Start of Listed entries
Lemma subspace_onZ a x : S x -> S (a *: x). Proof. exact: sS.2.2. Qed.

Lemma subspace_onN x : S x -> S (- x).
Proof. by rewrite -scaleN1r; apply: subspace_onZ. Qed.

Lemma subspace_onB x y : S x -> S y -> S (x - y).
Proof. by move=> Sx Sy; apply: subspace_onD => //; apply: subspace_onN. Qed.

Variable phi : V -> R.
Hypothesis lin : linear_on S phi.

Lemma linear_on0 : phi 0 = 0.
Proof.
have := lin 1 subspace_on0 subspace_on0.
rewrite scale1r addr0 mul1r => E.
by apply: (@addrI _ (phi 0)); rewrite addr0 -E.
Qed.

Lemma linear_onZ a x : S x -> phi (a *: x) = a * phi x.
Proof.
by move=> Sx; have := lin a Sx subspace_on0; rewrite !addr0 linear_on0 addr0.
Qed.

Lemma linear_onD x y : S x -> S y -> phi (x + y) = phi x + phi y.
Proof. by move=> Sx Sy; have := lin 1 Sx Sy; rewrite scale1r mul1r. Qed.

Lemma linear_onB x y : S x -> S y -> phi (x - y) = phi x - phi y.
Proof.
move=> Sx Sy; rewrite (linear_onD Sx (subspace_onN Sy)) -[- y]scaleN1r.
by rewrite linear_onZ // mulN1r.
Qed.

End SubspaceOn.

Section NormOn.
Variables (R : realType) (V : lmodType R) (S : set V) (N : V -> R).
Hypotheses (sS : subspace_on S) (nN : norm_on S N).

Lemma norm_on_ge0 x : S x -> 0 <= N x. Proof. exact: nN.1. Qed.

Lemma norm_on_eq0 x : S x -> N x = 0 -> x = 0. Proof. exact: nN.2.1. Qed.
End of Listed entries
Start of Listed entries
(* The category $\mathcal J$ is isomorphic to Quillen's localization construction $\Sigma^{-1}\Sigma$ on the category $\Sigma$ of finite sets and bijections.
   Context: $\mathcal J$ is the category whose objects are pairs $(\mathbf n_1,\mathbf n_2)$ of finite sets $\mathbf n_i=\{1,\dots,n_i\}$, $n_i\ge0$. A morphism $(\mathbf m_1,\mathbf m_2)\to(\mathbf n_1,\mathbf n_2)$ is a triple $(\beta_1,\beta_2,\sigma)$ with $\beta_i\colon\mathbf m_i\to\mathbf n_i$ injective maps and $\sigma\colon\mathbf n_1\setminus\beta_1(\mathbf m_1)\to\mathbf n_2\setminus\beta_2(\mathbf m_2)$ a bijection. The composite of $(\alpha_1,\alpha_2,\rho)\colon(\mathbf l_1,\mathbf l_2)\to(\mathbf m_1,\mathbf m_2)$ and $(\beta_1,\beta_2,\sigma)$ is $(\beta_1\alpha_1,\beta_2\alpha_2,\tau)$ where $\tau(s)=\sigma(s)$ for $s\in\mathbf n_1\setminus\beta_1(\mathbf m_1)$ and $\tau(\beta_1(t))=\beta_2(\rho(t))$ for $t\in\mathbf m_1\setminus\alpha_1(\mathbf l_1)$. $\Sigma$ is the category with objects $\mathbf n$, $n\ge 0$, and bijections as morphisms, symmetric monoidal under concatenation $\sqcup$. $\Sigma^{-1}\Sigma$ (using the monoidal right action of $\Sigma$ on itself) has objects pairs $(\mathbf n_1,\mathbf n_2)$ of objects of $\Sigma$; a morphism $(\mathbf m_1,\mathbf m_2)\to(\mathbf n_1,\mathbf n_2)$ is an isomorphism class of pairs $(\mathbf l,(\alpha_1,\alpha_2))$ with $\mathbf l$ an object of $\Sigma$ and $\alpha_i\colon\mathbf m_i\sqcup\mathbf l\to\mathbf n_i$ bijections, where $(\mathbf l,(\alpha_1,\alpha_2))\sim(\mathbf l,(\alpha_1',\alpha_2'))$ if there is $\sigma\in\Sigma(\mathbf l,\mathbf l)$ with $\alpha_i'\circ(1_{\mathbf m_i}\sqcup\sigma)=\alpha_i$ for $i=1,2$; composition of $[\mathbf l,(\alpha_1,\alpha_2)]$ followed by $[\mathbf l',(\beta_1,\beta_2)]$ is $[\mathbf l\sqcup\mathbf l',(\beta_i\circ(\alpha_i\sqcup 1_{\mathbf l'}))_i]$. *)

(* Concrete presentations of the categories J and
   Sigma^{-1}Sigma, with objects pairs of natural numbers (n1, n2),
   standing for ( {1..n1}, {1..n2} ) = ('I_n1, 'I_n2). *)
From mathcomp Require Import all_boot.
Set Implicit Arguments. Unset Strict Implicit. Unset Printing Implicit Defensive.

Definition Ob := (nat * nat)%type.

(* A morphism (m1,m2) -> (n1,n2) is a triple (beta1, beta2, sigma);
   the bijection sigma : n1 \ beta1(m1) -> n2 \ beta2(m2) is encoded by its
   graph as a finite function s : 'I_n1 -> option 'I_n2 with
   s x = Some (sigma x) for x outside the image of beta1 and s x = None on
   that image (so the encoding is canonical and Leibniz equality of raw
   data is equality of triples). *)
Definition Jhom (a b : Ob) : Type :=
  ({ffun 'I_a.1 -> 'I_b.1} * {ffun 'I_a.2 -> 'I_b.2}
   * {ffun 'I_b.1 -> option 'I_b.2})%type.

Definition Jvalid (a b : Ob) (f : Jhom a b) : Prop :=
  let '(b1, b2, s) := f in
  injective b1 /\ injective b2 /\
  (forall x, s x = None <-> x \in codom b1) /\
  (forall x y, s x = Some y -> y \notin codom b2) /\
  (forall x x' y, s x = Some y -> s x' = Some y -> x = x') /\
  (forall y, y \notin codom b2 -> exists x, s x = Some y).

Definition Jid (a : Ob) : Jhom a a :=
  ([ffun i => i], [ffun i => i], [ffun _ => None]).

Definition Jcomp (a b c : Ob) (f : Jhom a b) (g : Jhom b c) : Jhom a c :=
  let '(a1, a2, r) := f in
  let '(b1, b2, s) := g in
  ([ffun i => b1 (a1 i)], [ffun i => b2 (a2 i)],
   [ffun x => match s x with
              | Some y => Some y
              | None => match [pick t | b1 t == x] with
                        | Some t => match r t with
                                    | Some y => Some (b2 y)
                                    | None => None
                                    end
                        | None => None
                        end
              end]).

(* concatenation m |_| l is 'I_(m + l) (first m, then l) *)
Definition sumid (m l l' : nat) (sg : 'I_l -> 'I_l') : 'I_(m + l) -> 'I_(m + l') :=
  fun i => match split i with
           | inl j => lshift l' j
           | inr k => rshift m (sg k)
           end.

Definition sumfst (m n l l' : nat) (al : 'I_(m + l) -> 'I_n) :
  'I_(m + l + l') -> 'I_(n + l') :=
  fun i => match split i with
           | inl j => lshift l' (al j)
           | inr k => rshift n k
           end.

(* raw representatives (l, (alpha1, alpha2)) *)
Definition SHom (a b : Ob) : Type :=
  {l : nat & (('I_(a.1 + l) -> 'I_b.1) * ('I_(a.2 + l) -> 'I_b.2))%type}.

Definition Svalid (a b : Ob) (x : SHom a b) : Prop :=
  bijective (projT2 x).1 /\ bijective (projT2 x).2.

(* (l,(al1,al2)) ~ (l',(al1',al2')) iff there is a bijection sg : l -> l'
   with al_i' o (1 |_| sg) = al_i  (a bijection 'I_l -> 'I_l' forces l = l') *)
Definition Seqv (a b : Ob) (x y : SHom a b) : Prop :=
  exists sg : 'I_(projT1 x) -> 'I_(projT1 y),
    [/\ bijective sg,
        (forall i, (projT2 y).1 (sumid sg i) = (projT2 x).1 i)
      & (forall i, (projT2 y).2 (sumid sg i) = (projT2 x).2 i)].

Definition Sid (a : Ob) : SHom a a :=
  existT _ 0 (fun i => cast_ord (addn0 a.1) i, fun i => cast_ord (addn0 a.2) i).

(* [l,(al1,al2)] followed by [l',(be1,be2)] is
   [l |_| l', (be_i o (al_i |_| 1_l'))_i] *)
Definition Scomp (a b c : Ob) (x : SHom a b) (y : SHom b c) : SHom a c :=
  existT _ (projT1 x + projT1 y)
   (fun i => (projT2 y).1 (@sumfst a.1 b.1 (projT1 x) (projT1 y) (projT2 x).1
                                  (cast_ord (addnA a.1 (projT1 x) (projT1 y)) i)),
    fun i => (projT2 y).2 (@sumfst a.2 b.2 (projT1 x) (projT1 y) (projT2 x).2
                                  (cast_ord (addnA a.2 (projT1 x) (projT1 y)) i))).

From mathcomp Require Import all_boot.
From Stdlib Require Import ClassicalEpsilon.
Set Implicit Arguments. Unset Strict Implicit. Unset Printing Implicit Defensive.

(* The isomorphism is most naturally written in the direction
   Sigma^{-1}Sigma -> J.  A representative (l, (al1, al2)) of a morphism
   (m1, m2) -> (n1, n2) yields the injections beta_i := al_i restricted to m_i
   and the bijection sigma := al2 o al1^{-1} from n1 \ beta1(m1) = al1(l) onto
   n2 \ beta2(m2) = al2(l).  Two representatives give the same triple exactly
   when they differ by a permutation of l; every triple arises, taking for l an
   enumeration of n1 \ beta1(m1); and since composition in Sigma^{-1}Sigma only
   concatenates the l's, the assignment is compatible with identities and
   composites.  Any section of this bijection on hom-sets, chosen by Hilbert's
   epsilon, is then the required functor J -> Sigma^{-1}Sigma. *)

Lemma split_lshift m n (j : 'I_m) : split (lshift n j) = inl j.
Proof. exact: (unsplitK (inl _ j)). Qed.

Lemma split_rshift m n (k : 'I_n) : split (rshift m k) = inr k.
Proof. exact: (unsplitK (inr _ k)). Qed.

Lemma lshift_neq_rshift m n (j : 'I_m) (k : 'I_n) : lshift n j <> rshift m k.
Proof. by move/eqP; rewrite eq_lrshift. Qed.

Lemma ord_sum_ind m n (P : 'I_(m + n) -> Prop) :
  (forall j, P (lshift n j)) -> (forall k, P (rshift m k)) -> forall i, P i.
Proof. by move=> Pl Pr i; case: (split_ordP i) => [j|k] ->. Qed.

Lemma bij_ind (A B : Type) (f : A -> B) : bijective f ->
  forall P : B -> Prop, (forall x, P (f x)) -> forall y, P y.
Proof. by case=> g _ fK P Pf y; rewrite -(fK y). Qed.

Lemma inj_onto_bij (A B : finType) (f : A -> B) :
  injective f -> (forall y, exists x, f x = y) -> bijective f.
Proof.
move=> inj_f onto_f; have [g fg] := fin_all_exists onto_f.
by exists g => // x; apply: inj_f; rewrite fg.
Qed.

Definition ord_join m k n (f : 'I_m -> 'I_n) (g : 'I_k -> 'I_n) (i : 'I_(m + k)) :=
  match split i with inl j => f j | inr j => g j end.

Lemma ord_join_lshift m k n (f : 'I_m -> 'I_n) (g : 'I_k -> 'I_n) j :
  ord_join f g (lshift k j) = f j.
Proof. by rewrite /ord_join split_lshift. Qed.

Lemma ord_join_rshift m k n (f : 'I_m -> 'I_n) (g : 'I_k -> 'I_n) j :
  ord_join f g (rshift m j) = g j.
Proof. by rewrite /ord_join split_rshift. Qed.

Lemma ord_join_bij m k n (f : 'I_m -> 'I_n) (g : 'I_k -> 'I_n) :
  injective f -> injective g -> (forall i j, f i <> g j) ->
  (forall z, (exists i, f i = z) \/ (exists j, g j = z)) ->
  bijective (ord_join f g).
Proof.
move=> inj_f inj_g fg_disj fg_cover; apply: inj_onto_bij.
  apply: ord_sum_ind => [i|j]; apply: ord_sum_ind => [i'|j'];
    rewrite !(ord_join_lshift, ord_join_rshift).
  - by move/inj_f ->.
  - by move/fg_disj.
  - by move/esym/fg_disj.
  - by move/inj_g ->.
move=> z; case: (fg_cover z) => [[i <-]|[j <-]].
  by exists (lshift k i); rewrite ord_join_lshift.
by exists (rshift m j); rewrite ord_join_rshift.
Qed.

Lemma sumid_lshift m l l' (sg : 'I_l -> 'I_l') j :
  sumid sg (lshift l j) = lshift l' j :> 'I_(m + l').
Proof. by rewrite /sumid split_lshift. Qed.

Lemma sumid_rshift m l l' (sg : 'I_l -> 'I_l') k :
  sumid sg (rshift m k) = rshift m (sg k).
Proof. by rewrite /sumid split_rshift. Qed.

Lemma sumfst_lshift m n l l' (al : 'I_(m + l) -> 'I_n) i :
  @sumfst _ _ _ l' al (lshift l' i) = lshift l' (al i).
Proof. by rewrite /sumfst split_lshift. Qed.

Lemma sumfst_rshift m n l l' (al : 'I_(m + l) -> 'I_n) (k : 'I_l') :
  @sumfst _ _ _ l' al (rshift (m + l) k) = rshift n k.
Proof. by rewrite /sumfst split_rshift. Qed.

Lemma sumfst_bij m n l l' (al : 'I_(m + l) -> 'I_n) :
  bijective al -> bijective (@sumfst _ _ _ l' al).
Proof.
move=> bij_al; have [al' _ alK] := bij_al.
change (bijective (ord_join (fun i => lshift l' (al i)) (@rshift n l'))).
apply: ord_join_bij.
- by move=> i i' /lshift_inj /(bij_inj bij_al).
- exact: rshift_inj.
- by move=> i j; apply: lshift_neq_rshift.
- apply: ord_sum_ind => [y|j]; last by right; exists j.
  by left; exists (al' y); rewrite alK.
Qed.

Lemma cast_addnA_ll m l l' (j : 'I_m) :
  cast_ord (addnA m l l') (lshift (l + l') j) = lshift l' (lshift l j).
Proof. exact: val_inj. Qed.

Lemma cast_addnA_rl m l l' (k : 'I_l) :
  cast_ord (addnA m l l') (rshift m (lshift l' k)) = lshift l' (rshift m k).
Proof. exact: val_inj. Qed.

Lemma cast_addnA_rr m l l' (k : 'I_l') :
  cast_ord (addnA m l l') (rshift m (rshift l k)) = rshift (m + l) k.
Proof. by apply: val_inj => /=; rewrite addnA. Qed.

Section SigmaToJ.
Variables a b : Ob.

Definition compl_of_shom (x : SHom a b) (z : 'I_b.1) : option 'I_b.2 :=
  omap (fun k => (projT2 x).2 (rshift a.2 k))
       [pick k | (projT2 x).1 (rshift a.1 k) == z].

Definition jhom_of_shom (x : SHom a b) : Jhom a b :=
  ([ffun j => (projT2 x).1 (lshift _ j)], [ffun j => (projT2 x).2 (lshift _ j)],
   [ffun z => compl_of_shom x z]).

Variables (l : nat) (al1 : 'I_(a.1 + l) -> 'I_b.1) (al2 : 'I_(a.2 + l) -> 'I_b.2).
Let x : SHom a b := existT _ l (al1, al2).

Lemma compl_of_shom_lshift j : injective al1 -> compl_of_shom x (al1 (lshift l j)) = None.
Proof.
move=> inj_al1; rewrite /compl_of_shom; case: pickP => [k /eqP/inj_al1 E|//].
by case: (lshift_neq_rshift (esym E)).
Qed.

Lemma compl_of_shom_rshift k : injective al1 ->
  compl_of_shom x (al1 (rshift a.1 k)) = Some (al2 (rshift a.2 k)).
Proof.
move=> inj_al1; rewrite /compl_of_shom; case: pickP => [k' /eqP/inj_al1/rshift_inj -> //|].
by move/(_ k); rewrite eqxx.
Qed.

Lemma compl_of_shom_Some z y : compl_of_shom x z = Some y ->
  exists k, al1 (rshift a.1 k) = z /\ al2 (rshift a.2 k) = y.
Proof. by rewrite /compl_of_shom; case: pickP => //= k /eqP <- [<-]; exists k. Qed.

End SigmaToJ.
End of Listed entries
Start of Listed entries
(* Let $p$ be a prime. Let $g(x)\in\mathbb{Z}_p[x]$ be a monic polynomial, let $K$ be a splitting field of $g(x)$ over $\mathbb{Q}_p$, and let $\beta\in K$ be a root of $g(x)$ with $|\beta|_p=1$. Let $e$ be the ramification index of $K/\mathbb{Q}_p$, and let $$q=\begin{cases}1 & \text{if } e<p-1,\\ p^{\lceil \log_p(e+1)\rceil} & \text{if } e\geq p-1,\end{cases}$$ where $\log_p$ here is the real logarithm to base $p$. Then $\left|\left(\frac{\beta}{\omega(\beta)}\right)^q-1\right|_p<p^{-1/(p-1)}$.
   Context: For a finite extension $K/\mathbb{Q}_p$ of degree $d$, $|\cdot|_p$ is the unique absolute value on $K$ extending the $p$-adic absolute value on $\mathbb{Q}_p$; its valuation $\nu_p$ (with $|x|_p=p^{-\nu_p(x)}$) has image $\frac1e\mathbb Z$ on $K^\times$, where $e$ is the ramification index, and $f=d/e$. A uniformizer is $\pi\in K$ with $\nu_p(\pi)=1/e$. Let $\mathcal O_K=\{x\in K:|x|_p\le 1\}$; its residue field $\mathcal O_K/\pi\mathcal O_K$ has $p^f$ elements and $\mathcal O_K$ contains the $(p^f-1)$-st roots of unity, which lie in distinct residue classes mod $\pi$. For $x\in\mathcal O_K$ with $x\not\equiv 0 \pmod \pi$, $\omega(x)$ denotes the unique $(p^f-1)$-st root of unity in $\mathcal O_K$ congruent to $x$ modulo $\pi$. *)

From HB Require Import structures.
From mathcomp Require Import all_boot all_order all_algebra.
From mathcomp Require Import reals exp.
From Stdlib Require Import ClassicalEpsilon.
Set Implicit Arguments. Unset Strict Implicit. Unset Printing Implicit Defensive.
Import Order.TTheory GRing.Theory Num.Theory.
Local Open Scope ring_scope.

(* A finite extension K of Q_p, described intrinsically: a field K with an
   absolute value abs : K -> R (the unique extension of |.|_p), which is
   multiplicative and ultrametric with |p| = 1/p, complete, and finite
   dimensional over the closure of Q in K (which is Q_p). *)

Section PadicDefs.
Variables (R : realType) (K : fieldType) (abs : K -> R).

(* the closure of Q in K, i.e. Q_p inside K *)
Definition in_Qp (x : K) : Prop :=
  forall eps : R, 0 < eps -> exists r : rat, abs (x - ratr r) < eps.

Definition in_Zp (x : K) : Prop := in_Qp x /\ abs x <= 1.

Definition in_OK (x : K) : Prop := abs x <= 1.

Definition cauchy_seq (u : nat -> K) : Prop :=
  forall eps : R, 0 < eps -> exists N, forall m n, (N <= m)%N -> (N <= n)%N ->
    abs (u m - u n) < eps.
End of Listed entries
- Problem requirements -
Only the lines above starting at the one containing "(* concatenation m" and ending at the one containing "bijective (projT2 x).1", both included, are to be returned, exactly as they read.

- Answer box -
(* concatenation m |_| l is 'I_(m + l) (first m, then l) *)
Definition sumid (m l l' : nat) (sg : 'I_l -> 'I_l') : 'I_(m + l) -> 'I_(m + l') :=
  fun i => match split i with
           | inl j => lshift l' j
           | inr k => rshift m (sg k)
           end.

Definition sumfst (m n l l' : nat) (al : 'I_(m + l) -> 'I_n) :
  'I_(m + l + l') -> 'I_(n + l') :=
  fun i => match split i with
           | inl j => lshift l' (al j)
           | inr k => rshift n k
           end.

(* raw representatives (l, (alpha1, alpha2)) *)
Definition SHom (a b : Ob) : Type :=
  {l : nat & (('I_(a.1 + l) -> 'I_b.1) * ('I_(a.2 + l) -> 'I_b.2))%type}.

Definition Svalid (a b : Ob) (x : SHom a b) : Prop :=
  bijective (projT2 x).1 /\ bijective (projT2 x).2.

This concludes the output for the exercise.